While Governor Cuomo recently announced that reopening would begin in New York, starting upstate, it is looking as though some of the harder hit parts of the state, including Manhattan and Long Island, might be waiting for a good deal longer. This news came to some displeasure for local residents and officials in Nassau and Suffolk Counties, especially with regards to construction and construction jobs.
Locals report the need for home repairs and unfinished projects to be finished, with contractors and construction firms unable to take on non-essential work. As a result, laborers and local residents alike are demanding that Cuomo declare residential construction an essential business so that work can continue.
Long Island Reopening Vs. Upstate Reopening: Why the Disparity?
On Friday, officials in Long Island discussed the possibility of a reopen and return to business as usual remaining at least as far as seven weeks away, at the end of June, at least an entire month after other parts of the state will resume business operations. The main issue, they say, is that the criteria laid down by the state to be eligible for reopening will take at least that long for Nassau and Suffolk counties to meet. These include criteria such as a documented, 14-day decline in both coronavirus hospitalizations and deaths on a rolling three-day average, a rise in available hospital beds in the region, and a 90-day stockpile of PPE.
The metro area is one of the hardest-hit locations nationwide, much less in the state. The communities in Long Island have a much longer road ahead of them than areas upstate, and with another possible seven weeks ahead, the urgency for essential residential construction work in the area is that much direr.
Residential Construction and Job Dependency
Over 8,000 residential construction jobs are presently on hold in Long Island, something Suffolk County town supervisors and mayors are seeking to rectify in their recent letter to Gov. Cuomo. The letter acknowledges the severity of the need to help stem the tide of COVID-19 but underscores that the housing crisis did not vanish in that time.
One of the main reasons demand for Cuomo to reclassify residential construction is a matter of nationwide precedent. No other state in the union has made residential construction non-essential. Meanwhile, projects to build houses, apartments, and senior living remain shuttered. Long Islanders are awaiting homes or watching their current, unfinished homes deteriorate while construction stalls and laborers wait to return to their careers and care for their own homes and families.

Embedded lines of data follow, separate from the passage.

Lemma tL_neq0 : tL != 0.
Proof. by rewrite tofrac_eq0 polyX_eq0. Qed.

Definition frac_mx (Q : mat22 {poly int}) : 'M[Lau]_2 :=
  let: (a, b, c, d) := Q in mx2 (tofrac a) (tofrac b) (tofrac c) (tofrac d).

Lemma frac_mxM Q Q' : frac_mx (mul22 Q Q') = frac_mx Q *m frac_mx Q'.
Proof.
case: Q => [[[a b] c] d]; case: Q' => [[[a' b'] c'] d'].
by rewrite /= mx2_mul !tofracD !tofracM.
Qed.

Lemma frac_mx1 : frac_mx (one22 _) = 1%:M.
Proof. by rewrite /= tofrac1 tofrac0 mx2_scalar. Qed.

(* For an inverse letter, the Burau matrix multiplied by -t. *)
Definition burau_poly_letter (l : letter) : mat22 {poly int} :=
  match l with
  | (s1, true) => (- 'X, 1, 0, 1)
  | (s2, true) => (1, 0, 'X, - 'X)
  | (s1, false) => (1, -1, 0, - 'X)
  | (s2, false) => (- 'X, 0, - 'X, 1)
  end.

Definition burau_poly (w : word) : mat22 {poly int} :=
  foldr (fun l => mul22 (burau_poly_letter l)) (one22 _) w.

Lemma burau_letterE l :
  burau_letter l = (- tL)^-1 ^+ (~~ l.2) *: frac_mx (burau_poly_letter l).
Proof.
have tN0 : - tL != 0 by rewrite oppr_eq0 tL_neq0.
case: l => [[] []];
  cbv beta iota zeta delta [burau_letter burau_gen burau_poly_letter frac_mx fst snd negb nat_of_bool];
  rewrite ?tofracN ?tofrac1 ?tofrac0 -/tL ?expr0 ?scale1r // expr1.
all: apply: invmx_scaled tN0 _; rewrite mx2_mul -mx2_scalar.
all: by rewrite !(mulr1, mul1r, mulr0, mul0r, addr0, add0r, mulrN, mulNr, opprK, subrr, addNr).
Qed.

Definition n_inv (w : word) : nat := count (fun l : letter => ~~ l.2) w.

Lemma rho3E w : rho3 w = (- tL)^-1 ^+ n_inv w *: frac_mx (burau_poly w).
Proof.
elim: w => [|l w IH]; first by rewrite expr0 scale1r frac_mx1.
rewrite [rho3 _]/= IH burau_letterE -scalemxAl -scalemxAr scalerA -exprD.
by rewrite -frac_mxM.
Qed.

Essential Residential Construction: The Work That Comes with It
The number of available jobs has the potential to skyrocket provided that residential construction is deemed as essential as officials insist that it is. These would include:
- New construction. There is, of course, new construction that seeks to help alleviate an ongoing housing crisis. Everything from houses to apartments and condos for people at all income levels remain a need, but not all can be deemed an affordable housing project.
- Senior living. While affordable housing is deemed essential, as are senior health care facilities, senior residential facilities are not.
- Remodels and rebuilds. Many currently-standing homes with set plans for remodels and major refurbishments (such as roof installation) have been on hold for months and exposing properties to the elements. Although not deemed fit for emergency construction, despite that high-rise and other urban construction projects receive exceptions to prevent the same kind of structural deterioration and damage.
As far as locals, laborers, and officials in Long Island are concerned, there is everything to gain for their respective communities from making residential construction essential. Provided proper social distancing guidelines are followed and enforced just as they are in other essential construction jobs; they believe there is little reason to differentiate them.